Allowing outside investment into law firms has increased competition in the legal market. Banks are not keen to lend money in the legal sector — at least not large amounts — because it is a sector that banks do not understand. Investors, on the other hand, are coming in and are learning about the sector. And when they decide to invest, they drive competition harder and faster. What you see in the UK is that some of the best companies have attracted investment, and they are using that investment to push aside some of the less competitive players. It’s like investing in any other business — it permits the good ones to grow quickly and destroys the weaker ones. It has brought capitalism into the legal world. Whether you like it or not depends on where you sit. If you are one of the successful businesses, then obviously it is good for you. But if you still sit with your little quill pen and you are still writing things by hand on a note pad somewhere — you probably will not think that it is good for you.

I believe that over the coming years the changes in the UK market will accelerate. I think that we will see more businesses with good ideas to reach a greater number of customers — they will develop a good business model and a good delivery model, they will be able to raise funds more quickly and easily.
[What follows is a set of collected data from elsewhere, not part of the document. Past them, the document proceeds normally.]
(* Let $(x_n,y_n)_{n=1}^N$ be labeled points with $x_n$ in a bounded subset of $\mathbb{H}^{d}$ and $y_n\in\{-1,1\}$, and assume the point set is linearly separable with margin $\varepsilon>0$, i.e. there is $w^*\in\mathbb{R}^{d+1}$ with $[w^*,w^*]=-C_{\mathbb H}$ and $y_n\,\mathrm{asinh}([w^*,x_n])\ge\varepsilon$ for all $n$. Consider the hyperbolic perceptron: start with $w^0=0\in\mathbb{R}^{d+1}$, cycle through $n=1,\dots,N,1,\dots$, and whenever $\mathrm{sgn}([w^k,x_n])\ne y_n$ update $w^{k+1}=w^k+y_nHx_n$. Then this perceptron converges in $O\big(1/\sinh^2(\varepsilon)\big)$ steps.
   Context: $\mathbb{H}^{d}=\{x\in\mathbb{R}^{d+1}:[x,x]=C_{\mathbb H}^{-1},x_1>0\}$ is the Lorentz ('Loid) model of hyperbolic space with curvature $C_{\mathbb H}<0$, where $[u,v]=u^\top Hv$ and $H=\mathrm{diag}(-1,1,\dots,1)\in\mathbb{R}^{(d+1)\times(d+1)}$. Convergence means that after the stated number of updates all points are correctly classified by $x\mapsto\mathrm{sgn}([w^k,x])$. *)

From mathcomp Require Import all_boot all_order all_algebra.
From mathcomp Require Import all_classical all_reals all_analysis.
Set Implicit Arguments. Unset Strict Implicit. Unset Printing Implicit Defensive.
Import Order.TTheory GRing.Theory Num.Theory.
Local Open Scope ring_scope.

Definition sinh {R : realType} (x : R) : R := (expR x - expR (- x)) / 2.
Definition asinh {R : realType} (x : R) : R := ln (x + Num.sqrt (x ^+ 2 + 1)).

Definition minkH {R : realType} (d : nat) : 'M[R]_(d.+1) :=
  diag_mx (\row_(i < d.+1) (if i == ord0 then -1 else 1)).

Definition mink {R : realType} {d : nat} (u v : 'cV[R]_(d.+1)) : R :=
  (u^T *m minkH d *m v) ord0 ord0.

Definition in_loid {R : realType} {d : nat} (C : R) (x : 'cV[R]_(d.+1)) : Prop :=
  mink x x = C^-1 /\ 0 < x ord0 ord0.

Definition eucl_norm2 {R : realType} {d : nat} (v : 'cV[R]_(d.+1)) : R :=
  \sum_(i < d.+1) v i ord0 ^+ 2.

(* Hyperbolic perceptron, processed point by point cyclically (n = t mod N).
   perc_traj x y t = (w, k): weight vector after processing t points,
   and number k of updates performed so far.  w^0 = 0;
   update w <- w + y_n H x_n whenever sgn([w,x_n]) <> y_n. *)
Fixpoint perc_traj {R : realType} {d N : nat}
    (x : 'I_N -> 'cV[R]_(d.+1)) (y : 'I_N -> R) (t : nat)
    : 'cV[R]_(d.+1) * nat :=
  match t with
  | 0 => (0, 0%N)
  | t'.+1 =>
      let: (w, k) := perc_traj x y t' in
      match (insub (t' %% N)%N : option 'I_N) with
      | Some n =>
          if Num.sg (mink w (x n)) != y n
          then (w + y n *: (minkH d *m x n), k.+1)
          else (w, k)
      | None => (w, k)
      end
  end.

From mathcomp Require Import all_boot all_order all_algebra.
From mathcomp Require Import all_classical all_reals all_analysis.
From mathcomp Require Import ring lra zify.
Import Order.TTheory GRing.Theory Num.Theory.
Local Open Scope ring_scope.
Set Implicit Arguments. Unset Strict Implicit.

(* Novikoff's argument, with the Euclidean inner product <u, v> = u^T v.
   Since <u, H v> = [u, v], the margin assumption (sinh is increasing and
   inverse to asinh) makes every update raise <w*, w> by at least sinh eps,
   while on a mistake y [w, x] <= 0, so |w + y H x|^2 <= |w|^2 + |x|^2 and
   every update raises |w|^2 by at most B.  After k updates Cauchy-Schwarz
   gives (k sinh eps)^2 <= M k B, i.e. k <= B M / sinh^2 eps.  A bounded,
   nondecreasing update count is constant over some full pass through the
   data, and a pass without updates classifies every point correctly. *)

Section Sinh.
Variable R : realType.

Lemma sinh_asinh (m : R) : sinh (asinh m) = m.
Proof.
rewrite /sinh /asinh; set r := Num.sqrt (m ^+ 2 + 1).
have r_ge0 : 0 <= r by apply: sqrtr_ge0.
have r2 : r ^+ 2 = m ^+ 2 + 1 by rewrite sqr_sqrtr // addr_ge0 // ?sqr_ge0.
have mr_gt0 : 0 < m + r by nra.
rewrite expRN lnK ?posrE //.
have -> : (m + r)^-1 = r - m.
  apply: (@mulfI _ (m + r)); first by rewrite lt0r_neq0.
  by rewrite mulfV ?lt0r_neq0 //; nra.
by field.
Qed.

Lemma sinh_homo : {homo @sinh R : a b / a <= b}.
Proof.
move=> a b ab; rewrite /sinh ler_pM2r ?invr_gt0 //.
by apply: lerB; rewrite ler_expR ?lerN2.
Qed.

Lemma sinhN (a : R) : sinh (- a) = - sinh a.
Proof. by rewrite /sinh opprK; field. Qed.

Lemma sinh_gt0 (a : R) : 0 < a -> 0 < sinh a.
Proof. by move=> a_gt0; rewrite /sinh divr_gt0 // subr_gt0 ltr_expR; lra. Qed.

Lemma sinh_le_sign_mul (y m e : R) :
  y = 1 \/ y = -1 -> e <= y * asinh m -> sinh e <= y * m.
Proof.
case=> -> le_e; rewrite ?mul1r ?mulN1r in le_e *.
  by rewrite -[m]sinh_asinh; apply: sinh_homo.
by rewrite -[m]sinh_asinh -sinhN; apply: sinh_homo.
Qed.

End Sinh.

Lemma sg_neq_sign_mul_le0 (R : realDomainType) (y m : R) :
  y = 1 \/ y = -1 -> Num.sg m != y -> y * m <= 0.
Proof. by case=> ->; rewrite sgr_cp0 ?mul1r ?mulN1r ?oppr_le0 -?leNgt -?ltNge. Qed.

Lemma sqr_le_mul_of_quadratic_ge0 (R : realFieldType) (P Q S : R) :
  0 <= S -> (forall l, 0 <= Q - 2 * l * P + l ^+ 2 * S) -> P ^+ 2 <= Q * S.
Proof.
move=> S_ge0 quad_ge0; have [S0|S_neq0] := eqVneq S 0.
  rewrite S0 mulr0; have [->|P_neq0] := eqVneq P 0; first by rewrite expr2 mulr0.
  (* with S = 0 the quadratic is affine in l, hence unbounded below unless P = 0 *)
  have := quad_ge0 ((Q + 1) / (2 * P)).
  have -> : Q - 2 * ((Q + 1) / (2 * P)) * P = -1 by field.
  by rewrite S0 mulr0 addr0; lra.
have S_gt0 : 0 < S by rewrite lt_def S_neq0.
have := quad_ge0 (P / S).
have -> : Q - 2 * (P / S) * P + (P / S) ^+ 2 * S = (Q * S - P ^+ 2) / S by field.
by rewrite pmulr_lge0 ?invr_gt0 // subr_ge0.
Qed.

Lemma novikoff_bound (R : realFieldType) (s k p C : R) :
  0 < s -> 0 <= k -> s * k <= p -> p ^+ 2 <= k * C -> k <= `|C| / s ^+ 2.
Proof.
move=> s_gt0 k_ge0 le_sk le_p2.
rewrite ler_pdivlMr ?exprn_gt0 //.
have [k0|k_neq0] := eqVneq k 0; first by rewrite k0 mul0r.
have sk_ge0 : 0 <= s * k by rewrite mulr_ge0 // ltW.
have : k * (k * s ^+ 2) <= k * C by apply: le_trans le_p2; nra.
rewrite ler_pM2l ?lt_def ?k_neq0 // => /le_trans; apply; exact: ler_norm.
Qed.

Section Dot.
Variables (R : realType) (d : nat).
Implicit Types u v w z : 'cV[R]_(d.+1).

Definition dot u v : R := (u^T *m v) ord0 ord0.

Lemma dotE u v : dot u v = \sum_i u i ord0 * v i ord0.
Proof. by rewrite /dot mxE; apply: eq_bigr => i _; rewrite mxE. Qed.

Lemma dot0r u : dot u 0 = 0.
Proof. by rewrite /dot mulmx0 mxE. Qed.

Lemma dotC u v : dot u v = dot v u.
Proof. by rewrite !dotE; apply: eq_bigr => i _; rewrite mulrC. Qed.

Lemma dotDZr u v z (c : R) : dot u (v + c *: z) = dot u v + c * dot u z.
Proof. by rewrite /dot mulmxDr -scalemxAr !mxE. Qed.

Lemma dotDZ w z (c : R) :
  dot (w + c *: z) (w + c *: z) = dot w w + 2 * c * dot w z + c ^+ 2 * dot z z.
Proof.
rewrite dotDZr [dot (w + _) w]dotC [dot (w + _) z]dotC !dotDZr (dotC z w).
by ring.
Qed.

Lemma dotvv_ge0 u : 0 <= dot u u.
Proof. by rewrite dotE sumr_ge0 // => i _; rewrite -expr2 sqr_ge0. Qed.

Lemma eucl_norm2E u : eucl_norm2 u = dot u u.
Proof. by rewrite dotE; apply: eq_bigr => i _; rewrite expr2. Qed.

Lemma mink_dot u v : mink u v = dot u (minkH d *m v).
Proof. by rewrite /mink /dot mulmxA. Qed.

Lemma dot_minkH u v : dot (minkH d *m u) (minkH d *m v) = dot u v.
Proof.
rewrite !dotE; apply: eq_bigr => i _; rewrite /minkH !mul_diag_mx !mxE.
by case: (i == ord0); ring.
Qed.

Lemma dot_CauchySchwarz u v : dot u v ^+ 2 <= dot u u * dot v v.
Proof.
apply: sqr_le_mul_of_quadratic_ge0 => [|l]; first exact: dotvv_ge0.
have := dotvv_ge0 (u + (- l) *: v); rewrite dotDZ.
by congr (_ <= _); ring.
Qed.

End Dot.

Lemma nondecreasing_bounded_plateau (f : nat -> nat) (L n : nat) :
  {homo f : i j / (i <= j)%N} -> (forall t, (f t <= n)%N) ->
  exists t, f (t + L) = f t.
Proof.
move=> f_homo f_le.
suff [//|] : (exists t, f (t + L) = f t) \/ (n.+1 <= f (n.+1 * L))%N.
  by move=> /leq_trans /(_ (f_le _)); rewrite ltnn.
elim: n.+1 => [|j [plateau|IH]]; [by right | by left |].
have := f_homo (j * L)%N (j * L + L)%N (leq_addr _ _).
rewrite leq_eqVlt => /orP[/eqP eq_f|lt_f]; first by left; exists (j * L)%N.
by right; rewrite mulSn addnC; exact: leq_ltn_trans IH lt_f.
Qed.

Section Perceptron.
Variables (R : realType) (d N : nat).
Variables (x : 'I_N -> 'cV[R]_(d.+1)) (y : 'I_N -> R).
Notation traj := (perc_traj x y).

Definition perc_update (w : 'cV[R]_(d.+1)) (n : 'I_N) :=
  w + y n *: (minkH d *m x n).

Lemma perc_trajS t (n : 'I_N) : (t %% N)%N = n ->
  traj t.+1 = if Num.sg (mink (traj t).1 (x n)) != y n
              then (perc_update (traj t).1 n, (traj t).2.+1) else traj t.
Proof.
move=> tn /=; case: (traj t) => w k /=.
by rewrite tn (valK n : insub (val n) = Some n).
Qed.

Lemma perc_trajS_cases t :
  traj t.+1 = traj t \/
  exists2 n, Num.sg (mink (traj t).1 (x n)) != y n &
             traj t.+1 = (perc_update (traj t).1 n, (traj t).2.+1).
Proof.
rewrite /=; case: (traj t) => w k /=.
case: insub => [n|]; last by left.
by case: ifP => mistake; [right; exists n | left].
Qed.

Lemma perc_count_homo : {homo (fun t => (traj t).2) : i j / (i <= j)%N}.
Proof.
apply: homo_leq => [//|? ? ?|t]; first exact: leq_trans.
by case: (perc_trajS_cases t) => [->|[n _ ->]].
Qed.

Lemma perc_traj_plateau t L : (traj (t + L)).2 = (traj t).2 ->
  forall i, (i <= L)%N -> traj (t + i) = traj t.
Proof.
move=> plateau; elim=> [|i IH] iL; first by rewrite addn0.
have {}IH := IH (ltnW iL); rewrite addnS -IH.
have count_eq : (traj (t + i).+1).2 = (traj (t + i)).2.
  apply/eqP; rewrite eqn_leq [X in _ && X]perc_count_homo // andbT.
  by rewrite IH -plateau perc_count_homo //; lia.
by case: (perc_trajS_cases (t + i)) count_eq => [//|[n _ ->]] /= /esym /n_Sn.
Qed.

Lemma perc_classified_of_plateau t : (traj (t + N)).2 = (traj t).2 ->
  forall n, Num.sg (mink (traj t).1 (x n)) = y n.
Proof.
move=> plateau n; have N_gt0 : (0 < N)%N by apply: leq_ltn_trans (ltn_ord n).
(* the step of the pass [t, t + N) that visits point n *)
pose i := ((n + (N - t %% N)) %% N)%N.
have i_lt : (i < N)%N by rewrite ltn_mod.
have tin : ((t + i) %% N)%N = n.
  rewrite modnDmr {1}(divn_eq t N).
  have -> : (t %/ N * N + t %% N + (n + (N - t %% N)) = (t %/ N).+1 * N + n)%N.
    by have := ltn_pmod t N_gt0; rewrite mulSn; lia.
  by rewrite modnMDl modn_small.
have stay := perc_traj_plateau plateau.
have := perc_trajS tin; rewrite -addnS !stay ?(ltnW i_lt) //.
by case: ifP => [_ /(congr1 snd) /n_Sn [] | /negbFE /eqP].
Qed.

Variables (B M eps : R) (wstar : 'cV[R]_(d.+1)).
Hypothesis x_bounded : forall n, eucl_norm2 (x n) <= B.
Hypothesis y_sign : forall n, y n = 1 \/ y n = -1.
Hypothesis margin : forall n, eps <= y n * asinh (mink wstar (x n)).
Hypothesis wstar_bounded : eucl_norm2 wstar <= M.
Hypothesis eps_gt0 : 0 < eps.

Lemma perc_update_correlation w n :
  dot wstar w + sinh eps <= dot wstar (perc_update w n).
Proof.
by rewrite /perc_update dotDZr -mink_dot lerD2l sinh_le_sign_mul.
Qed.

Lemma perc_update_norm w n : Num.sg (mink w (x n)) != y n ->
  dot (perc_update w n) (perc_update w n) <= dot w w + B.
Proof.
move=> /(sg_neq_sign_mul_le0 (y_sign n)) mistake.
have y2 : y n ^+ 2 = 1 by case: (y_sign n) => ->; rewrite ?sqrrN expr1n.
rewrite /perc_update dotDZ -mink_dot dot_minkH -[dot (x n) _]eucl_norm2E y2 mul1r.
by have := x_bounded n; lra.
Qed.

Lemma perc_invariant t :
  sinh eps * (traj t).2%:R <= dot wstar (traj t).1 /\
  dot (traj t).1 (traj t).1 <= (traj t).2%:R * B.
Proof.
elim: t => [|t [IHcorr IHnorm]].
  by rewrite /= !dot0r mulr0 mul0r.
case: (perc_trajS_cases t) => [->//|[n mistake ->]] /=.
have := perc_update_correlation (traj t).1 n.
have := perc_update_norm mistake.
rewrite -natr1; split; lra.
Qed.

Lemma perc_count_bound t : (traj t).2%:R <= `|B * M| / sinh eps ^+ 2.
Proof.
have [corr norm] := perc_invariant t.
apply: novikoff_bound (sinh_gt0 eps_gt0) (ler0n _ _) corr _.
apply: le_trans (dot_CauchySchwarz _ _) _.
have wstar_le : dot wstar wstar <= M by rewrite -eucl_norm2E.
by rewrite mulrA mulrC ler_pM ?dotvv_ge0.
Qed.

End Perceptron.

Theorem theorem4 (R : realType) (CH : R) (d : nat) (B M : R) :
  CH < 0 ->
  exists K : R, forall (N : nat) (x : 'I_N -> 'cV[R]_(d.+1)) (y : 'I_N -> R)
    (wstar : 'cV[R]_(d.+1)) (eps : R),
    (forall n, in_loid CH (x n)) ->
    (forall n, eucl_norm2 (x n) <= B) ->
    (forall n, y n = 1 \/ y n = -1) ->
    0 < eps ->
    mink wstar wstar = - CH ->
    eucl_norm2 wstar <= M ->
    (forall n, eps <= y n * asinh (mink wstar (x n))) ->
    exists t : nat,
      ((perc_traj x y t).2)%:R <= K / (sinh eps) ^+ 2 /\
      forall n, Num.sg (mink (perc_traj x y t).1 (x n)) = y n.
Proof.
move=> _; exists `|B * M| => N x y wstar eps _ x_bd y_sign eps_gt0 _ wstar_bd margin.
set bound := `|B * M| / sinh eps ^+ 2.
have count_bd : forall t, (perc_traj x y t).2%:R <= bound.
  exact: perc_count_bound x_bd y_sign margin wstar_bd eps_gt0.
have count_le_trunc t : ((perc_traj x y t).2 <= Num.truncn bound)%N.
  by rewrite truncn_ge_nat ?count_bd // (le_trans (ler0n _ _) (count_bd 0%N)).
have [t plateau] := nondecreasing_bounded_plateau N (@perc_count_homo _ _ _ x y)
  count_le_trunc.
exists t; split; first exact: count_bd.
exact: perc_classified_of_plateau plateau.
Qed.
These new models will be seen as delivering greater value to the customer, and the older models will be pushed out of the market. Overall, legal services will become both better and less expensive.

It’s not clear to me why the US rules haven’t changed yet. What is the argument for keeping out competition? For keeping out investment? The longer the US takes to change its rules, the greater the advantages that UK and Australian firms will have over US firms once the US does finally change its rules. If I were a lawyer in the US, I would be preparing myself now for these changes.